= Batrachian operculum =

The batrachian operculum or simply operculum is an ossicle present in the middle ear of the clade Batrachia (frogs and salamanders). Connected by muscles to the shoulder girdle, it is believed to play a role in hearing by transmitting sound from the ground to the ear via the forelimb.

== Anatomy ==
The batrachian operculum is a small element located in the fenestra ovalis of the middle ear, posterior to the columella. It is typically, though not always, cartilaginous. Via a specialised muscle, the opercularis, the operculum connects the middle ear to the scapula or suprascapula, allowing for vibrations to be transmitted from the ground via the forelimb. In particular, it is believed to aid in the detection of low-frequency sounds in the lagenar system.

== Evolution ==
In bony fishes, a group of dermal bones cover the gills and are collectively referred to as the operculum. These bones are lost early in the evolution of tetrapods, allowing for a mobile neck. Historically, the batrachian operculum was thought to be homologous with that of fishes. As of 2016, however, the batrachian operculum is thought to have an independent origin, and not be a retained fish operculum.

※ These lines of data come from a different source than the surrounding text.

Section LoopOfData.
Context {Z : topologicalType} {b : Z * I -> Y} {D : (Z * I) * I -> X}
  (b_cont : continuous b) (D_cont : continuous D)
  (D_bot : forall p, D (p, i0) = l (b p)) (D_top : forall p, D (p, i1) = x0)
  (b0 : forall z, b (z, i0) = y0) (b1 : forall z, b (z, i1) = y0)
  (D_left : forall z t, D ((z, i0), t) = x0)
  (D_right : forall z t, D ((z, i1), t) = x0).

Definition loop_point (p : Z * I) : F :=
  hofib_mk (slice_cont D p D_cont) (D_bot p) (D_top p).

Lemma loop_point_cont : continuous loop_point.
Proof. exact: hofib_mk_cont. Qed.

Lemma loop_mk_subproof (z : Z) :
  ((fun s => loop_point (z, s)) : {compact-open, I -> F})
    \in loop_set R (hofib_pt R l l_based).
Proof.
apply/mem_set; split; first exact: (slice_cont _ _ loop_point_cont).
by split; apply: hofib_ext => [|s]; rewrite /hofib_point /hofib_path /= ?b0 ?b1 ?D_left ?D_right.
Qed.

Definition loop_mk (z : Z) : B :=
  exist (fun g => g \in loop_set R (hofib_pt R l l_based)) _ (loop_mk_subproof z).

Lemma loop_mk_cont : continuous loop_mk.
Proof. exact/into_sub_cont/curry_cont/loop_point_cont. Qed.

Lemma loop_mk_base z s : loop_base (loop_mk z, s) = b (z, s).
Proof. by []. Qed.

Lemma loop_mk_fibre z s t : loop_fibre ((loop_mk z, s), t) = D ((z, s), t).
Proof. by []. Qed.

End LoopOfData.

End LoopSpace.

Section HofibLoopEquivalence.
Variable R : realType.
Local Notation I := (unit_interval R).
Variables (X Y : topologicalType) (x0 : X) (y0 : Y) (r : X -> Y) (l : Y -> X).
Hypotheses (r_cts : continuous r) (l_cts : continuous l)
  (r_based : r x0 = y0) (l_based : l y0 = x0).
Variable h : X * I -> X.
Hypotheses (h_cts : continuous h) (h_start : forall x, h (x, i0) = x)
  (h_end : forall x, h (x, i1) = l (r x)) (h_based : forall t, h (x0, t) = x0).

Local Notation A := (hofib R r y0).
Local Notation F := (hofib R l x0).
Local Notation B := (loops R (hofib_pt R l l_based)).

(* For chi,
   E is the tail of l o rho; a second instance yields a homotopy on
   Omega(F). *)
Section LoopOfFamily.
Context {Z : topologicalType} (x : Z -> X) (rho : Z * I -> Y) (E : (Z * I) * I -> X).
Hypotheses (x_cts : continuous x) (rho_cts : continuous rho) (E_cts : continuous E)
  (rho0 : forall z, rho (z, i0) = r (x z)) (rho1 : forall z, rho (z, i1) = y0)
  (E_bot : forall p, E (p, i0) = l (rho p)) (E_top : forall p, E (p, i1) = x0)
  (E_right : forall z t, E ((z, i1), t) = x0).

Definition detour (p : Z * I) : X :=
  if sval p.2 - 2^-1 <= 0 then h (x p.1, toI (2 * sval p.2))
  else E ((p.1, i0), toI (2 * sval p.2 - 1)).

Lemma detour_cont : continuous detour.
Proof.
apply: paste_cont; try continuity.
move=> [z a] /= ha.
have -> : toI (2 * sval a) = i1 by apply: toI_ge1; lra.
have -> : toI (2 * sval a - 1) = i0 by apply: toI_le0; lra.
by rewrite h_end E_bot rho0.
Qed.

Lemma detour0 z : detour (z, i0) = x z.
Proof. by rewrite /detour /= ifT ?toI_le0 ?h_start //; lra. Qed.

Lemma detour1 z : detour (z, i1) = x0.
Proof.
rewrite /detour /= ifF; last by apply/negbTE; rewrite -ltNge; lra.
by rewrite toI_ge1 ?E_top //; lra.
Qed.

Definition base_loop (p : Z * I) : Y :=
  if sval p.2 - 2^-1 <= 0 then r (detour (p.1, toI (1 - 2 * sval p.2)))
  else rho (p.1, toI (2 * sval p.2 - 1)).

Lemma base_loop_cont : continuous base_loop.
Proof.
apply: paste_cont; try continuity; first exact: detour_cont.
move=> [z a] /= ha.
have -> : toI (1 - 2 * sval a) = i0 by apply: toI_le0; lra.
have -> : toI (2 * sval a - 1) = i0 by apply: toI_le0; lra.
by rewrite detour0 rho0.
Qed.

Lemma base_loop0 z : base_loop (z, i0) = y0.
Proof. by rewrite /base_loop /= ifT ?toI_ge1 ?detour1 //; lra. Qed.

Lemma base_loop1 z : base_loop (z, i1) = y0.
Proof.
rewrite /base_loop /= ifF; last by apply/negbTE; rewrite -ltNge; lra.
by rewrite toI_ge1 ?rho1 //; lra.
Qed.

(* Over the first half of base_loop: for a in I, a path in X from
   l r (detour (1 - a)) to x0, running h backwards and then along the end
   of the detour.  It is the constant path at a = 0 and E((z,0),-) at a = 1
   (up to reparametrisation, see fibre_loop_cont). *)
Definition return_path (q : (Z * I) * I) : X :=
  if sval q.1.2 + sval q.2 - 1 <= 0 then
    h (detour (q.1.1, toI (1 - sval q.1.2 - Num.min (sval q.1.2) (sval q.2))),
       toI (1 - 2 * sval q.2))
  else detour (q.1.1,
    toI (Num.max (3 / 2 * sval q.1.2 + sval q.2 / 2 - 1) (2 * sval q.2 - 1))).

Lemma return_path_cont : continuous return_path.
Proof.
apply: paste_cont; try continuity; try exact: detour_cont.
move=> [[z a] t] /= ha.
have a0 := unit_ge0 a; have a1 := unit_le1 a.
have t0 := unit_ge0 t; have t1 := unit_le1 t.
case: (lerP (sval t) (2^-1)) => ht.
- have -> : Num.min (sval a) (sval t) = sval t by rewrite min_r //; lra.
  have -> : toI (1 - sval a - sval t) = i0 by apply: toI_le0; lra.
  rewrite detour0 max_l; last lra.
  rewrite /detour /= clamp_id; last lra.
  by rewrite ifT; [congr h; congr pair; apply: toI_eq | ]; lra.
- have -> : Num.min (sval a) (sval t) = sval a by rewrite min_l //; lra.
  have -> : toI (1 - 2 * sval t) = i0 by apply: toI_le0; lra.
  rewrite h_start max_r; last lra.
  by congr detour; congr pair; apply: toI_eq; lra.
Qed.

Definition fibre_loop (q : (Z * I) * I) : X :=
  if sval q.1.2 - 2^-1 <= 0 then return_path ((q.1.1, toI (2 * sval q.1.2)), q.2)
  else E ((q.1.1, toI (2 * sval q.1.2 - 1)), q.2).

Lemma fibre_loop_cont : continuous fibre_loop.
Proof.
apply: paste_cont; try continuity; try exact: return_path_cont.
move=> [[z a] t] /= ha.
have t0 := unit_ge0 t; have t1 := unit_le1 t.
have -> : toI (2 * sval a) = i1 by apply: toI_ge1; lra.
have -> : toI (2 * sval a - 1) = i0 by apply: toI_le0; lra.
rewrite /return_path /=; case: ifPn => ht.
- have -> : t = i0 by apply: val_inj => /=; lra.
  rewrite E_bot rho0 -h_end.
  have -> : toI (1 - 1 - Num.min 1 (sval (@i0 R))) = i0.
    by apply: toI_le0; rewrite /= min_r ?ler01 //; lra.
  by rewrite detour0; congr h; congr pair; apply: toI_ge1; rewrite /=; lra.
- rewrite max_l; last lra.
  rewrite /detour /= clamp_id; last lra.
  rewrite ifF; last by apply/negbTE; rewrite -ltNge; lra.
  by congr E; congr pair; apply: toI_valE; lra.
Qed.

Lemma fibre_loop_bot p : fibre_loop (p, i0) = l (base_loop p).
Proof.
case: p => z a; have a0 := unit_ge0 a; have a1 := unit_le1 a.
rewrite /fibre_loop /base_loop /=; case: ifPn => ha; last by rewrite E_bot.
rewrite /return_path /= clamp_id; last lra.
rewrite ifT; last lra.
rewrite -h_end; congr h; congr pair; last by apply: toI_ge1; lra.
by congr detour; congr pair; apply: toI_eq; rewrite min_r //; lra.
Qed.

Lemma fibre_loop_top p : fibre_loop (p, i1) = x0.
Proof.
case: p => z a; have a0 := unit_ge0 a; have a1 := unit_le1 a.
rewrite /fibre_loop /=; case: ifPn => ha; last by rewrite E_top.
rewrite /return_path /= clamp_id; last lra.
case: ifPn => hs.
- rewrite toI_ge1 ?detour1 ?h_based //.
  by rewrite min_l; lra.
- by rewrite toI_ge1 ?detour1 // max_r; lra.
Qed.

Lemma fibre_loop_left z t : fibre_loop ((z, i0), t) = x0.
Proof.
have t0 := unit_ge0 t; have t1 := unit_le1 t.
rewrite /fibre_loop /= ifT; last lra.
rewrite /return_path /= clamp_id; last lra.
rewrite ifT; last lra.
by rewrite toI_ge1 ?detour1 ?h_based // min_l; lra.
Qed.

Lemma fibre_loop_right z t : fibre_loop ((z, i1), t) = x0.
Proof.
rewrite /fibre_loop /= ifF; last by apply/negbTE; rewrite -ltNge; lra.
by rewrite toI_ge1 ?E_right //; lra.
Qed.

Definition loop_of_family : Z -> B :=
  loop_mk base_loop_cont fibre_loop_cont fibre_loop_bot fibre_loop_top
    base_loop0 base_loop1 fibre_loop_left fibre_loop_right.

Lemma loop_of_family_cont : continuous loop_of_family.
Proof. exact: loop_mk_cont. Qed.

Lemma loop_of_family_base z s : loop_base (loop_of_family z, s) = base_loop (z, s).
Proof. by []. Qed.

Lemma loop_of_family_fibre z s t :
  loop_fibre ((loop_of_family z, s), t) = fibre_loop ((z, s), t).
Proof. by []. Qed.

End LoopOfFamily.

(* chi : hofib(r) -> Omega(F) applies the loop construction to the identity
   family over hofib(r), with tail paths s |-> l o gamma restricted to [s,1]. *)
Definition chi_tail (q : (A * I) * I) : X :=
  l (hofib_path (q.1.1, toI (Num.min 1 (sval q.1.2 + sval q.2)))).

Lemma chi_tail_cont : continuous chi_tail.
Proof. have := @hofib_path_cont R X Y r y0; rewrite /chi_tail => ?; continuity. Qed.

Lemma chi_tail_bot p : chi_tail (p, i0) = l (hofib_path p).
Proof.
case: p => a s; rewrite /chi_tail /=; congr (l (hofib_path (a, _))).
by apply: toI_valE; rewrite addr0 min_r // unit_le1.
Qed.

Lemma chi_tail_top p : chi_tail (p, i1) = x0.
Proof.
case: p => a s; have s0 := unit_ge0 s.
by rewrite /chi_tail /= toI_ge1 ?hofib_path1 ?l_based // min_l; lra.
Qed.

Lemma chi_tail_right a t : chi_tail ((a, i1), t) = x0.
Proof.
have t0 := unit_ge0 t.
by rewrite /chi_tail /= toI_ge1 ?hofib_path1 ?l_based // min_l; lra.
Qed.

Definition chi : A -> B :=
  loop_of_family hofib_point hofib_path chi_tail
    hofib_point_cont hofib_path_cont chi_tail_cont
    hofib_path0 hofib_path1 chi_tail_bot chi_tail_top chi_tail_right.

Lemma chi_cont : continuous chi.
Proof. exact: loop_of_family_cont. Qed.

Lemma loop_base0_r (q : B) : loop_base (q, i0) = r x0.
Proof. by rewrite loop_base0 r_based. Qed.

Definition chi_inv (q : B) : A :=
  hofib_mk (slice_cont loop_base q loop_base_cont) (loop_base0_r q) (loop_base1 q).

Lemma chi_inv_cont : continuous chi_inv.
Proof. exact: (hofib_mk_cont loop_base_cont loop_base0_r loop_base1 (cst_cont x0)). Qed.

(* chi_inv (chi (x, gamma)) = (x0, (r o w)^-1 . gamma), w the detour of
   (x, gamma).  It is deformed to (x, gamma) by moving the point backwards
   along w: at time u the point is w(1 - u), and the path runs along r o w
   from there to x0 before following gamma. *)
Definition chi_detour (p : A * I) : X := detour hofib_point chi_tail p.

Lemma chi_detour_cont : continuous chi_detour.
Proof.
exact: (detour_cont hofib_point hofib_path chi_tail hofib_point_cont chi_tail_cont
  hofib_path0 chi_tail_bot).
Qed.

Definition unwind_time (q : (A * I) * I) : R :=
  - (1 - sval q.1.2) + sval q.2 * (1 + (1 - sval q.1.2)).

Definition unwind_point (p : A * I) : X := chi_detour (p.1, toI (1 - sval p.2)).

Definition unwind_path (q : (A * I) * I) : Y :=
  if unwind_time q <= 0 then r (chi_detour (q.1.1, toI (- unwind_time q)))
  else hofib_path (q.1.1, toI (unwind_time q)).

Lemma unwind_point_cont : continuous unwind_point.
Proof. have := chi_detour_cont; rewrite /unwind_point => ?; continuity. Qed.

Lemma unwind_path_cont : continuous unwind_path.
Proof.
have := chi_detour_cont; have := @hofib_path_cont R X Y r y0 => ? ?.
apply: paste_cont; rewrite /unwind_time; try continuity.
move=> [[a u] s] /= hs.
rewrite (@toI_le0 R (- _)); last lra.
by rewrite (@toI_le0 R) /chi_detour ?detour0 ?hofib_path0 //; lra.
Qed.

Lemma unwind_path0 p : unwind_path (p, i0) = r (unwind_point p).
Proof.
case: p => a u; have u0 := unit_ge0 u; have u1 := unit_le1 u.
rewrite /unwind_path /unwind_point /unwind_time /= ifT; last lra.
by congr (r (chi_detour (a, _))); apply: toI_eq; lra.
Qed.

Lemma unwind_path1 p : unwind_path (p, i1) = y0.
Proof.
case: p => a u; have u0 := unit_ge0 u; have u1 := unit_le1 u.
rewrite /unwind_path /unwind_time /= ifF; last by apply/negbTE; rewrite -ltNge; lra.
by rewrite toI_ge1 ?hofib_path1 //; lra.
Qed.

Definition unwind (p : A * I) : A :=
  hofib_mk (slice_cont unwind_path p unwind_path_cont) (unwind_path0 p) (unwind_path1 p).

Lemma chi_inv_chi_homotopic : homotopic R (chi_inv \o chi) idfun.
Proof.
exists unwind; split; first exact: hofib_mk_cont unwind_point_cont.
split => a; apply: hofib_ext; rewrite /hofib_point /hofib_path /=.
- rewrite /unwind_point toI_ge1 /=; last lra.
  by rewrite /chi_detour detour1 //; exact: chi_tail_top.
- move=> s; have s0 := unit_ge0 s; have s1 := unit_le1 s.
  rewrite /unwind_path /unwind_time loop_of_family_base /base_loop /=.
  case: ifPn => h1; case: ifPn => h2.
  + by congr (r (chi_detour (a, _))); apply: toI_eq; lra.
  + by exfalso; move: h1 h2; rewrite -ltNge; lra.
  + by exfalso; move: h1 h2; rewrite -ltNge; lra.
  + by congr (hofib_path (a, _)); apply: toI_eq; lra.
- by rewrite /unwind_point toI_le0 /chi_detour ?detour0 //=; lra.
- move=> s; have s0 := unit_ge0 s; have s1 := unit_le1 s.
  rewrite /unwind_path /unwind_time /=; case: ifPn => hs.
  + have -> : s = i0 by apply: val_inj => /=; lra.
    rewrite (@toI_le0 R); last by rewrite /=; lra.
    by rewrite /chi_detour detour0 -hofib_path0.
  + by rewrite (@toI_valE R _ s) //; lra.
Qed.

Lemma detour_ext {Z Z' : topologicalType} (x : Z -> X) (E : (Z * I) * I -> X)
    (x' : Z' -> X) (E' : (Z' * I) * I -> X) z z' :
  x z = x' z' -> (forall t, E ((z, i0), t) = E' ((z', i0), t)) ->
  forall a, detour x E (z, a) = detour x' E' (z', a).
Proof. by move=> xx' EE' a; rewrite /detour /= xx' EE'. Qed.

Lemma base_loop_ext {Z Z' : topologicalType} (x : Z -> X) rho (E : (Z * I) * I -> X)
    (x' : Z' -> X) rho' (E' : (Z' * I) * I -> X) z z' :
  x z = x' z' -> (forall s, rho (z, s) = rho' (z', s)) ->
  (forall s t, E ((z, s), t) = E' ((z', s), t)) ->
  forall s, base_loop x rho E (z, s) = base_loop x' rho' E' (z', s).
Proof.
move=> xx' rr' EE' s.
by rewrite /base_loop /= rr' (@detour_ext _ _ x E x' E' z z' xx' (EE' i0)).
Qed.

Lemma fibre_loop_ext {Z Z' : topologicalType} (x : Z -> X) (E : (Z * I) * I -> X)
    (x' : Z' -> X) (E' : (Z' * I) * I -> X) z z' :
  x z = x' z' -> (forall s t, E ((z, s), t) = E' ((z', s), t)) ->
  forall s t, fibre_loop x E ((z, s), t) = fibre_loop x' E' ((z', s), t).
Proof.
move=> xx' EE' s t.
by rewrite /fibre_loop /return_path /= EE' !(@detour_ext _ _ x E x' E' z z' xx' (EE' i0)).
Qed.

The early history of the operculum is poorly known, as the element is small and generally cartilaginous, inhibiting its ability to fossilise.The operculum is considered a synapomorphy of the clade Batrachia and is generally considered to be absent in caecilians; it has been suggested that the fossil Eocaecilia may preserve evidence of the element, but this is currently considered unlikely. A further suggestion that the columella of modern caecilians consists of a fused columella and operculum; this is also considered uncertain on the basis of embryology.

It is unclear if the batrachian operculum is present in albanerpetonids, as their middle ear is not known.

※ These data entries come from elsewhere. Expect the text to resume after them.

Section LieSubalgebra.
Variables (P : fieldType) (V : lmodType P) (br : V -> V -> V) (inW : V -> Prop).
Hypothesis br_lie : is_lie_bracket br.
Local Notation L := (la_sig_of br inW).
Variable S : V -> Prop.
Hypothesis genW : forall a, inW a <-> la_subalg_gen (L:=L) S a.

Let inW0 : inW 0. Proof. exact/genW/lasg_zero. Qed.
Let inWD a b : inW a -> inW b -> inW (a + b).
Proof. by move=> /genW Wa /genW Wb; apply/genW/lasg_add. Qed.
Let inWZ c a : inW a -> inW (c *: a).
Proof. by move=> /genW Wa; apply/genW/lasg_scale. Qed.
Let inWbr a b : inW a -> inW b -> inW (br a b).
Proof. by move=> /genW Wa /genW Wb; apply/genW/lasg_br. Qed.

Lemma la_hom_to0 (h : V -> V) : la_hom_to (L:=L) br h -> h 0 = 0.
Proof. by case=> _ hZ _; have := hZ 0 0 inW0; rewrite /= !scale0r. Qed.

Lemma la_endo_hom (eta : V -> V) :
  la_endo (L:=L) eta -> la_hom_to (L:=L) br eta.
Proof. by case. Qed.

Lemma la_ideal_genB (u a b : V) : la_ideal_gen (L:=L) u a ->
  la_ideal_gen (L:=L) u b -> la_ideal_gen (L:=L) u (a - b).
Proof. by move=> Ia Ib; rewrite -scaleN1r; apply/laig_add/laig_scale. Qed.

Lemma la_ideal_gen_ker (u v : V) : inW u -> la_ideal_gen (L:=L) u v ->
  inW v /\ forall eta, la_endo (L:=L) eta -> eta u = 0 -> eta v = 0.
Proof.
move=> Wu; elim=> {v} [|||c a _ [Wa ka]|w a Ww _ [Wa ka]].
- by split=> // eta _.
- by split=> // eta /la_endo_hom/la_hom_to0.
- move=> a b _ [Wa ka] _ [Wb kb]; split=> [|eta E eu]; first exact: inWD.
  by have [_ eD _ _] := E; rewrite /= eD // ka // kb //= addr0.
- split=> [|eta E eu]; first exact: inWZ.
  by have [_ _ eZ _] := E; rewrite /= eZ // ka //= scaler0.
- split=> [|eta E eu]; first exact: inWbr.
  by have [_ _ _ eB] := E; rewrite /= eB // ka //= lie_brr0.
Qed.

Section SubstituteZero.
Variables (u : V) (h : V -> V).
Hypotheses (SW : forall s, S s -> inW s) (h_hom : la_hom_to (L:=L) br h).
Hypothesis hS : forall s, S s -> h s = if s == u then 0 else s.

Lemma la_subst0_endo : la_endo (L:=L) h.
Proof.
have [hD hZ hB] := h_hom; split=> // a /genW; elim=> {a} [s Ss||a b|c a|a b].
- by rewrite hS //; case: eqP => _; [exact: inW0 | exact: SW].
- by rewrite (la_hom_to0 h_hom).
- by move=> /genW Wa ha /genW Wb hb; rewrite /= hD //; exact: inWD.
- by move=> /genW Wa ha; rewrite /= hZ //; exact: inWZ.
- by move=> /genW Wa ha /genW Wb hb; rewrite /= hB //; exact: inWbr.
Qed.

Lemma la_sub_subst0_ideal a : inW a -> la_ideal_gen (L:=L) u (a - h a).
Proof.
have [hD hZ hB] := h_hom; move=> /genW; elim=> {a} [s Ss||a b|c a|a b].
- rewrite hS //; case: eqP => [->|_]; last by rewrite subrr; exact: laig_zero.
  by rewrite subr0; exact: laig_gen.
- by rewrite (la_hom_to0 h_hom) subrr; exact: laig_zero.
- move=> /genW Wa Ia /genW Wb Ib; rewrite /= hD // opprD addrACA.
  exact: laig_add.
- by move=> /genW Wa Ia; rewrite /= hZ // -scalerBr; exact: laig_scale.
- move=> /genW Wa Ia /genW Wb Ib; rewrite /= hB //.
  have -> : br a b - br (h a) (h b) = br (h a) (b - h b) - br b (a - h a).
    rewrite !(lie_brBr br_lie) [br b a](lie_brC br_lie).
    rewrite [br b (h a)](lie_brC br_lie).
    by rewrite opprB addrA opprK (addrAC _ (- _) (- _)) subrr add0r addrC.
  apply: la_ideal_genB; last exact: laig_br.
  by apply: laig_br => //; case: la_subst0_endo => /(_ a Wa).
Qed.

End SubstituteZero.

Lemma la_killing_kers_eq_ideal (u : V) (h : V -> V) :
    (forall s, S s -> inW s) -> S u -> la_hom_to (L:=L) br h ->
    (forall s, S s -> h s = if s == u then 0 else s) ->
  forall v, (inW v /\ forall eta, la_endo (L:=L) eta -> eta u = 0 -> eta v = 0)
            <-> la_ideal_gen (L:=L) u v.
Proof.
move=> SW Su h_hom hS v; split; last exact/la_ideal_gen_ker/SW.
move=> [Wv ker_v]; have hu : h u = 0 by rewrite hS // eqxx.
have := la_sub_subst0_ideal SW h_hom hS Wv.
by rewrite (ker_v h (la_subst0_endo SW h_hom hS) hu) subr0.
Qed.

End LieSubalgebra.

Lemma ua_base_assoc_killing_kers (P : fieldType) (B : algType P)
    (inW : B -> Prop) (u : B) :
  (exists S, ua_base_assoc (W:=ua_sig_of inW) S /\ S u) ->
  forall v, (inW v /\ forall eta, ua_endo (W:=ua_sig_of inW) eta ->
                                  eta u = 0 -> eta v = 0)
            <-> ua_ideal_gen (W:=ua_sig_of inW) u v.
Proof.
move=> [S [[SW genW univ] Su]].
have [h [h_hom hS]] := univ B (fun s => if s == u then 0 else s).
exact: (ua_killing_kers_eq_ideal genW SW Su h_hom hS).
Qed.

Lemma ua_base_comm_killing_kers (P : fieldType) (B : comAlgType P)
    (inW : B -> Prop) (u : B) :
  (exists S, ua_base_comm (W:=ua_sig_of inW) S /\ S u) ->
  forall v, (inW v /\ forall eta, ua_endo (W:=ua_sig_of inW) eta ->
                                  eta u = 0 -> eta v = 0)
            <-> ua_ideal_gen (W:=ua_sig_of inW) u v.
Proof.
move=> [S [[SW genW univ] Su]].
have [h [h_hom hS]] := univ B (fun s => if s == u then 0 else s).
exact: (ua_killing_kers_eq_ideal genW SW Su h_hom hS).
Qed.

Lemma la_base_killing_kers (P : fieldType) (V : lmodType P) (br : V -> V -> V)
    (inW : V -> Prop) (u : V) :
  is_lie_bracket br ->
  (exists S, la_base (L:=la_sig_of br inW) S /\ S u) ->
  forall v, (inW v /\ forall eta, la_endo (L:=la_sig_of br inW) eta ->
                                  eta u = 0 -> eta v = 0)
            <-> la_ideal_gen (L:=la_sig_of br inW) u v.
Proof.
move=> br_lie [S [[SW genW univ] Su]].
have [h [h_hom hS]] := univ V br br_lie (fun s => if s == u then 0 else s).
exact: (la_killing_kers_eq_ideal br_lie genW SW Su h_hom hS).
Qed.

In some salamanders, the batrachian operculum is ossified. Though the operculum is present in neotenous taxa such as cryptobranchids, amphiumids, sirenids, and proteids, the opercularis muscle is absent, reflecting the fact that it typically develops later in life in salamanders. Among hynobiids and ambystomatids, the operculum fuses to the otic capsule. In salamandrids, the columella is absent and the operculum serves as the primary ossicle.